In sanfter Demut
Denn auch der Menschensohn ist nicht gekommen, um bedient zu werden, sondern um zu dienen und Sein Leben als Lösegeld für viele zu geben (Matthäus 20,28).
Die Demut ist ein Ort tiefer Ruhe und Zufriedenheit. Alles, was Christus je tat – Seine Worte, Sein Wandel –, war stets ein Beispiel der Demut; und als Er Seine Jünger erwählte, wählte Er demütige Männer. Selbst Seine Mutter sagte: „Der Herr hat die Niedrigkeit Seiner Magd angesehen.“ Nicht hohe Stellung oder Hochmut machten sie geeignet, die Mutter des Sohnes Gottes zu sein, sondern Niedrigkeit und Reinheit.

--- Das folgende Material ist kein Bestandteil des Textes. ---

Lemma atoms_disjoint a b : atom S a -> atom S b -> a <> b -> a ⊓ b = ⊥.
Proof.
  intros Ha Hb Hab. destruct (atom_inf_eq_bot_or_le a b Ha) as [E|E]; [exact E|].
  exfalso. apply Hab, (proj2 Hb); [apply Ha | exact E].
Qed.

Fixpoint join (l : list S) : S :=
  match l with
  | [] => ⊥
  | a :: l => a ⊔ join l
  end.

Lemma le_join a l : In a l -> a ≤ join l.
Proof.
  induction l as [|b l IH]; simpl; [tauto|]. intros [<-|H]; [apply sup_ub_l|].
  eapply le_trans; [apply IH, H | apply sup_ub_r].
Qed.

Lemma inf_join_le x y l : (forall a, In a l -> x ⊓ a ≤ y) -> x ⊓ join l ≤ y.
Proof.
  induction l as [|b l IH]; simpl; intro H.
  - rewrite inf_bot; apply bot_le.
  - rewrite inf_sup_distr. apply sup_lub; auto.
Qed.

Lemma atom_le_comp_join a x y l : atom S a -> a ≤ x ⋅ join l ⋅ y -> exists c, In c l /\ a ≤ x ⋅ c ⋅ y.
Proof.
  intro Ha. induction l as [|c l IH]; simpl; intro H.
  - rewrite comp_bot_r, comp_bot_l in H. exfalso; exact (atom_not_le_bot a Ha H).
  - rewrite comp_sup_r, comp_sup_l in H. apply (atom_le_sup_iff a _ _ Ha) in H as [H|H].
    + exists c. split; [now left | exact H].
    + destruct (IH H) as [c' [Hc' Hac']]. exists c'. split; [now right | exact Hac'].
Qed.

Lemma top_le_join_sup_lb_pc l : (forall a, In a l -> ¬¬a = a) ->
  exists z, (forall a, In a l -> z ≤ ¬a) /\ ⊤ ≤ join l ⊔ z.
Proof.
  induction l as [|a l IH]; simpl; intro Hreg.
  - exists ⊤. split; [tauto | apply sup_ub_r].
  - destruct IH as [z [Hz Htop]]; [auto|].
    exists (¬a ⊓ z). split.
    + intros b [<-|Hb]; [apply inf_lb_l | eapply le_trans; [apply inf_lb_r | auto]].
    + eapply le_trans; [exact Htop|]. apply sup_lub.
      * eapply le_trans; [apply sup_ub_r | apply sup_ub_l].
      * apply le_trans with (z ⊓ (a ⊔ ¬a)).
        { rewrite sup_pc_regular, inf_top; [apply le_refl | auto]. }
        rewrite inf_sup_distr. apply sup_lub.
        -- eapply le_trans; [apply inf_lb_r|]. eapply le_trans; apply sup_ub_l.
        -- eapply le_trans; [|apply sup_ub_r]. rewrite inf_comm. apply le_refl.
Qed.

Section FinitelyManyAtoms.
Variables P L : list S.
Hypothesis Hsimple : atom_simple S.
Hypothesis Hatomic : atomic S.
Hypothesis HP : forall p, In p P <-> atom S p /\ p ≤ 𝟏.
Hypothesis HPnd : NoDup P.
Hypothesis HL : forall a, In a L <-> atom S a.
Hypothesis HLlen : length L = length P * length P.

Lemma in_P_subid p : In p P -> p ≤ 𝟏.
Proof. intro H; apply HP, H. Qed.

Lemma in_P_atom p : In p P -> atom S p.
Proof. intro H; apply HP, H. Qed.

Lemma rect_has_atom p q : In p P -> In q P -> exists b, atom S b /\ b ≤ p ⋅ ⊤ ⋅ q.
Proof.
  intros Hp Hq. apply Hatomic, rect_neq_bot; [apply (in_P_atom p Hp) | apply Hsimple, in_P_atom ..];
    assumption.
Qed.

Lemma rect_disjoint p q p' q' : In p P -> In q P -> In p' P -> In q' P -> (p, q) <> (p', q') ->
  p ⋅ ⊤ ⋅ q ⊓ p' ⋅ ⊤ ⋅ q' = ⊥.
Proof.
  intros Hp Hq Hp' Hq' Hne. destruct (classic (p = p')) as [<-|E].
  - apply subid_comp_r_disjoint; auto using in_P_subid.
    apply atoms_disjoint; auto using in_P_atom. congruence.
  - rewrite <- !comp_assoc. apply subid_comp_l_disjoint; auto using in_P_subid, in_P_atom, atoms_disjoint.
Qed.

Definition atom_below (p q : S) : S :=
  epsilon (inhabits ⊥) (fun b => atom S b /\ b ≤ p ⋅ ⊤ ⋅ q).

Lemma atom_below_spec p q : In p P -> In q P -> atom S (atom_below p q) /\ atom_below p q ≤ p ⋅ ⊤ ⋅ q.
Proof. intros Hp Hq. unfold atom_below. apply epsilon_spec, rect_has_atom; auto. Qed.

Lemma atom_is_atom_below a : atom S a -> exists p q, In p P /\ In q P /\ a = atom_below p q.
Proof.
  intro Ha.
  set (l := map (fun pq => atom_below (fst pq) (snd pq)) (list_prod P P)).
  assert (Hnd : NoDup l).
  { apply Injective_map_NoDup_in; [|now apply NoDup_list_prod].
    intros [p q] [p' q'] Hpq Hpq' E; simpl in E.
    apply in_prod_iff in Hpq as [Hp Hq], Hpq' as [Hp' Hq'].
    apply NNPP; intro Hne.
    destruct (atom_below_spec p q Hp Hq) as [Hb H1], (atom_below_spec p' q' Hp' Hq') as [_ H2].
    apply (atom_not_le_bot _ Hb). rewrite <- (rect_disjoint p q p' q'); auto.
    apply inf_glb; [exact H1 | rewrite E; exact H2]. }
  assert (Hincl : incl L l).
  { apply NoDup_length_incl; [exact Hnd | |].
    - unfold l. rewrite length_map, length_prod, HLlen. apply le_n.
    - intros b Hb. apply in_map_iff in Hb as [[p q] [<- Hpq]]. apply in_prod_iff in Hpq as [Hp Hq].
      apply HL, atom_below_spec; auto. }
  apply HL, Hincl, in_map_iff in Ha as [[p q] [E Hpq]]. apply in_prod_iff in Hpq as [Hp Hq].
  now exists p, q.
Qed.

Lemma atom_le_rect_unique p q b b' : In p P -> In q P -> atom S b -> atom S b' ->
  b ≤ p ⋅ ⊤ ⋅ q -> b' ≤ p ⋅ ⊤ ⋅ q -> b = b'.
Proof.
  intros Hp Hq.
  assert (Hchosen : forall c, atom S c -> c ≤ p ⋅ ⊤ ⋅ q -> c = atom_below p q).
  { intros c Hc Hcle. destruct (atom_is_atom_below c Hc) as [p' [q' [Hp' [Hq' ->]]]].
    destruct (classic ((p', q') = (p, q))) as [E|Hne]; [now injection E as -> ->|].
    exfalso. apply (atom_not_le_bot _ Hc). rewrite <- (rect_disjoint p' q' p q); auto.
    apply inf_glb; [apply atom_below_spec | exact Hcle]; auto. }
  intros Hb Hb' H H'. now rewrite (Hchosen b), (Hchosen b').
Qed.

Lemma rect_diag p : In p P -> p ⋅ ⊤ ⋅ p = p.
Proof.
  intro Hp. pose proof (in_P_subid p Hp) as Hp1. pose proof (in_P_atom p Hp) as Hpa.
  assert (Hle : p ≤ p ⋅ ⊤ ⋅ p).
  { rewrite <- (subid_idem p Hp1) at 1. rewrite <- (comp_one_r S p) at 1.
    apply comp_mono_l, comp_mono_r, le_top. }
  apply le_antisym; [|exact Hle].
  assert (Hpc : p ⋅ ⊤ ⋅ p ⊓ ¬p = ⊥).
  { apply NNPP; intro E. destruct (Hatomic _ E) as [b [Hb Hble]].
    apply le_inf_iff in Hble as [Hb1 Hb2].
    rewrite (atom_le_rect_unique p p b p Hp Hp Hb Hpa Hb1 Hle) in Hb2.
    apply (atom_not_le_bot p Hpa). rewrite <- (inf_pc p). apply inf_glb; [apply le_refl | exact Hb2]. }
  apply le_trans with (p ⋅ ⊤ ⊓ 𝟏); [|now apply subid_comp_top_inf_one_l].
  apply inf_glb; [now apply comp_subid_r_le|].
  apply le_trans with (¬¬p); [now apply pc_le_iff|].
  rewrite <- (pc_pc_one S). now do 2 apply pc_anti.
Qed.

Lemma subid_atom_regular p : In p P -> ¬¬p = p.
Proof.
  intro Hp. pose proof (in_P_subid p Hp) as Hp1.
  set (r := ¬¬p).
  assert (Hr1 : r ≤ 𝟏) by (rewrite <- (pc_pc_one S); now do 2 apply pc_anti).
  assert (Hrr : r ⋅ ⊤ ⋅ r = r) by (unfold r; rewrite <- pcpc_top, <- !pc_pc_comp, rect_diag; auto).
  assert (Hpr : p ⋅ ⊤ ⋅ r ≤ p).
  { eapply le_trans; [|now apply subid_comp_top_inf_one_l].
    apply inf_glb; [now apply comp_subid_r_le|].
    apply le_trans with (r ⋅ ⊤ ⋅ r); [apply comp_mono_l, comp_mono_l, le_pcpc | rewrite Hrr; exact Hr1]. }
  assert (Hrp : r ⋅ ⊤ ⋅ p ≤ p).
  { rewrite <- (subid_rect_conv p r Hp1 Hr1), <- le_conv_iff, subid_conv; auto. }
  apply le_antisym; [|apply le_pcpc].
  rewrite <- Hrr, <- (Hsimple p (in_P_atom p Hp)).
  apply le_trans with (r ⋅ ⊤ ⋅ p ⋅ (⊤ ⋅ r)); [rewrite !comp_assoc; apply le_refl|].
  eapply le_trans; [apply comp_mono_l, Hrp|]. rewrite comp_assoc. exact Hpr.
Qed.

Im Evangelium betete Jesus so: „Ich danke Dir, o Vater, dass Du dies den Weisen und Klugen verborgen und den Unmündigen offenbart hast“ – das heißt: den Demütigen. Christus legt hier die Wahrheit dar, dass nur die Demütigen die tiefsten Wahrheiten Gottes empfangen können. Als die Jünger im 9. Kapitel des Lukasevangeliums darüber stritten, wer der Größte im Reich Gottes sein würde, antwortete Jesus: „Wer der Geringste unter euch ist, der wird groß sein.“
Demut gegenüber den Menschen ist der Beweis für die Demut vor Gott; denn der Geist unseres Lebens offenbart sich in unserem Verhalten gegenüber anderen – in sanfter Demut. Demut vor Gott ist nichts, wenn sie sich nicht in Demut vor den Menschen erweist – besonders in unserem persönlichen Leben.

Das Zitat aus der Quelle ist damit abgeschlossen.